COLLECTED DATA ▸
-*-
(* Let $\mathcal R$ be a strong CCTRS and $s,t\in\mathcal T(\mathcal G,\mathcal V)$. (1) If $s\rightharpoonup^* t$ is a complexity-conscious reduction with cost $N$, then there is a context-sensitive reduction $\zeta(s)\to^*_{\Xi(\mathcal R),\mu}\zeta(t)$ with cost $N$. (2) If $s\rightharpoonup^\infty$, then there is an infinite $(\Xi(\mathcal R),\mu)$-reduction starting from $\zeta(s)$.
   Context: A CCTRS over $\mathcal F$ is a set $\mathcal R$ of conditional rules each of the form $f(\ell_1,\dots,\ell_n)\to r\Leftarrow a_1\approx b_1,\dots,a_k\approx b_k$ (defined symbols are roots of left-hand sides, others constructors; constructor terms contain only constructors and variables) where $\ell_1,\dots,\ell_n,b_1,\dots,b_k$ are constructor terms, the terms $f(\ell_1,\dots,\ell_n),b_1,\dots,b_k$ pairwise share no variables, $\mathrm{Var}(r)\subseteq\mathrm{Var}(\ell_1,\dots,\ell_n,b_1,\dots,b_k)$, and $\mathrm{Var}(a_i)\subseteq\mathrm{Var}(\ell_1,\dots,\ell_n,b_1,\dots,b_{i-1})$. $\mathcal R{\restriction}f$ is the set of rules with left-hand root $f$. A strong CCTRS is a CCTRS with each $\mathcal R{\restriction}f$ finite and each $f(\ell_1,\dots,\ell_n)$ and $b_j$ linear. Let $m_f=|\mathcal R{\restriction}f|$ (0 for constructors), with fixed enumeration $\rho^f_1,\dots,\rho^f_{m_f}$. Labeled reduction: $\mathcal G$ consists of the constructors and symbols $f_R$ ($R\subseteq\mathcal R{\restriction}f$, same arity as $f$); $\mathrm{label}$ replaces each defined $f$ by $f_{\mathcal R\restriction f}$; $\mathrm{erase}$ removes labels; labeled normal forms are terms over constructors, symbols $f_\emptyset$ and variables. $s\rightharpoonup t$ is defined inductively: either (i, ''$\bot$-step'') there are $p$ and a rule $\rho\colon\ell\to r\Leftarrow c$ with $s|_p=f_R(s_1,\dots,s_n)$, $\rho\in R$, $t=s[f_{R\setminus\{\rho\}}(s_1,\dots,s_n)]_p$, and linear labeled normal forms $u_1,\dots,u_n$ on fresh variables and $\sigma$ with $s|_p=f_R(u_1,\dots,u_n)\sigma$ and $f(\mathrm{erase}(u_1),\dots,\mathrm{erase}(u_n))$ not unifiable with $\ell$; or (ii) there are $p$, $\rho\colon f(\ell_1,\dots,\ell_n)\to r\Leftarrow a_1\approx b_1,\dots,a_k\approx b_k$, $\sigma$, $0\le j\le k$ with $s|_p=f_R(\ell_1\sigma,\dots,\ell_n\sigma)$, $\rho\in R$, $\mathrm{label}(a_i)\sigma\rightharpoonup^*b_i\sigma$ for $1\le i\le j$, and either (successful) $j=k$, $t=s[\mathrm{label}(r)\sigma]_p$, or (failed) $j<k$, $\mathrm{label}(a_{j+1})\sigma\rightharpoonup^*u\tau$ for a linear labeled normal form $u$ with $\mathrm{erase}(u)$ not unifiable with $b_{j+1}$, and $t=s[f_{R\setminus\{\rho\}}(\ell_1\sigma,\dots,\ell_n\sigma)]_p$. A complexity-conscious reduction is a labeled reduction together with chosen witnessing condition reductions; its cost is the sum of its step costs, where a $\bot$-step costs $0$, a successful step costs $1$ plus the costs of the $k$ condition reductions, and a failed step costs the sum of the costs of the $j$ condition reductions and of $\mathrm{label}(a_{j+1})\sigma\rightharpoonup^*u\tau$. $s\rightharpoonup_\rhd t$ if there are $p$, $\rho$ as in (ii), $\sigma$, $0\le j<k$ with $s|_p=f_R(\ell_1\sigma,\dots,\ell_n\sigma)$, $\rho\in R$, $\mathrm{label}(a_i)\sigma\rightharpoonup^*b_i\sigma$ for $i\le j$, and $t=\mathrm{label}(a_{j+1})\sigma$; $s\rightharpoonup^\infty$ means an infinite sequence of $\rightharpoonup\cup\rightharpoonup_\rhd$ steps from $s$. The transformed system: signature $\mathcal H$ with constants $\bot,\top$ ($\mu=\emptyset$); every $f\in\mathcal F$ of arity $n$ as a symbol of arity $n+m_f$ with $\mu(f)=\{1,\dots,n\}$; and for every defined $f$ of arity $n$, every $\rho^f_i$ with $k>0$ conditions and $1\le j\le k$ a symbol $f_i^j$ of arity $n+m_f+j-1$ with $\mu(f_i^j)=\{n+i+j-1\}$. A position is active in $t$ if it is $\epsilon$ or $iq$ with $i\in\mu(\mathrm{root}(t))$ and $q$ active in $t|_i$; $\to_{\Xi(\mathcal R),\mu}$ rewrites only at active positions. $\xi_\star$ ($\star\in\{\bot,\top\}$): identity on variables, homomorphic on constructors, $f(t_1..t_n)\mapsto f(\xi_\star(t_1),\dots,\xi_\star(t_n),\star,\dots,\star)$ ($m_f$ copies) for defined $f$; $\bot$-patterns are linear terms $\xi_\bot(t)$. For a linear constructor term $t$: $\mathrm{AP}(x)=\emptyset$, and $\mathrm{AP}(f(t_1,\dots,t_n))$ consists of $g(x_1,\dots,x_m)$ for every constructor $g\neq f$ of arity $m$, $g(x_1,\dots,x_m,\bot,\dots,\bot)$ for every defined $g$ of arity $m$, and $f(x_1,\dots,x_{i-1},u,x_{i+1},\dots,x_n)$ for $u\in\mathrm{AP}(t_i)$ (fresh distinct $x$'s). Notation: $\langle t_1,\dots,t_n\rangle[u_1,\dots,u_j]_i$ is $t_1,\dots,t_{i-1},u_1,\dots,u_j,t_{i+1},\dots,t_n$. For the $i$-th rule $\rho_i\colon f(\vec\ell)\to r\Leftarrow a_1\approx b_1,\dots,a_k\approx b_k$ of $\mathcal R{\restriction}f$ and fresh distinct $x_1,\dots,x_{m_f},y_1,\dots,y_n$, $\Xi(\mathcal R)$ contains: $(1)$ if $k=0$: $f(\vec\ell,\langle\vec x\rangle[\top]_i)\to\xi_\top(r)$; if $k>0$: $(2)$ $f(\vec\ell,\langle\vec x\rangle[\top]_i)\to f_i^1(\vec\ell,\langle\vec x\rangle[\xi_\top(a_1)]_i)$, $(3)$ $f_i^k(\vec\ell,\langle\vec x\rangle[b_1,\dots,b_k]_i)\to\xi_\top(r)$, $(4)$ for $1\le j<k$: $f_i^j(\vec\ell,\langle\vec x\rangle[b_1,\dots,b_j]_i)\to f_i^{j+1}(\vec\ell,\langle\vec x\rangle[b_1,\dots,b_j,\xi_\top(a_{j+1})]_i)$, $(5)$ for $1\le j\le k$ and $v\in\mathrm{AP}(b_j)$ (fresh variables): $f_i^j(\vec\ell,\langle\vec x\rangle[b_1,\dots,b_{j-1},v]_i)\to f(\vec\ell,\langle\vec x\rangle[\bot]_i)$; and for any $k$: $(6)$ for $1\le j\le n$ and $v\in\mathrm{AP}(\ell_j)$ (fresh variables): $f(\langle\vec y\rangle[v]_j,\langle\vec x\rangle[\top]_i)\to f(\langle\vec y\rangle[v]_j,\langle\vec x\rangle[\bot]_i)$. The cost of a $(\Xi(\mathcal R),\mu)$-reduction is the number of steps using rules of type (1) or (3). The map $\zeta\colon\mathcal T(\mathcal G,\mathcal V)\to\mathcal T(\mathcal H,\mathcal V)$: identity on variables, homomorphic on constructors, $\zeta(f_R(t_1,\dots,t_n))=f(\zeta(t_1),\dots,\zeta(t_n),c_1,\dots,c_{m_f})$ with $c_i=\top$ iff $\rho^f_i\in R$, else $\bot$. *)

From Stdlib Require Import List Arith.
Import ListNotations.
-*-
INSTRUCTIONS FOR THE TASK ▸ Your answer should consist of the lines from the line with "From Stdlib Require Import List Arith." through the last line of the data, set down exactly, both included.

OUTPUT FOR THIS EXERCISE ▸
From Stdlib Require Import List Arith.
Import ListNotations.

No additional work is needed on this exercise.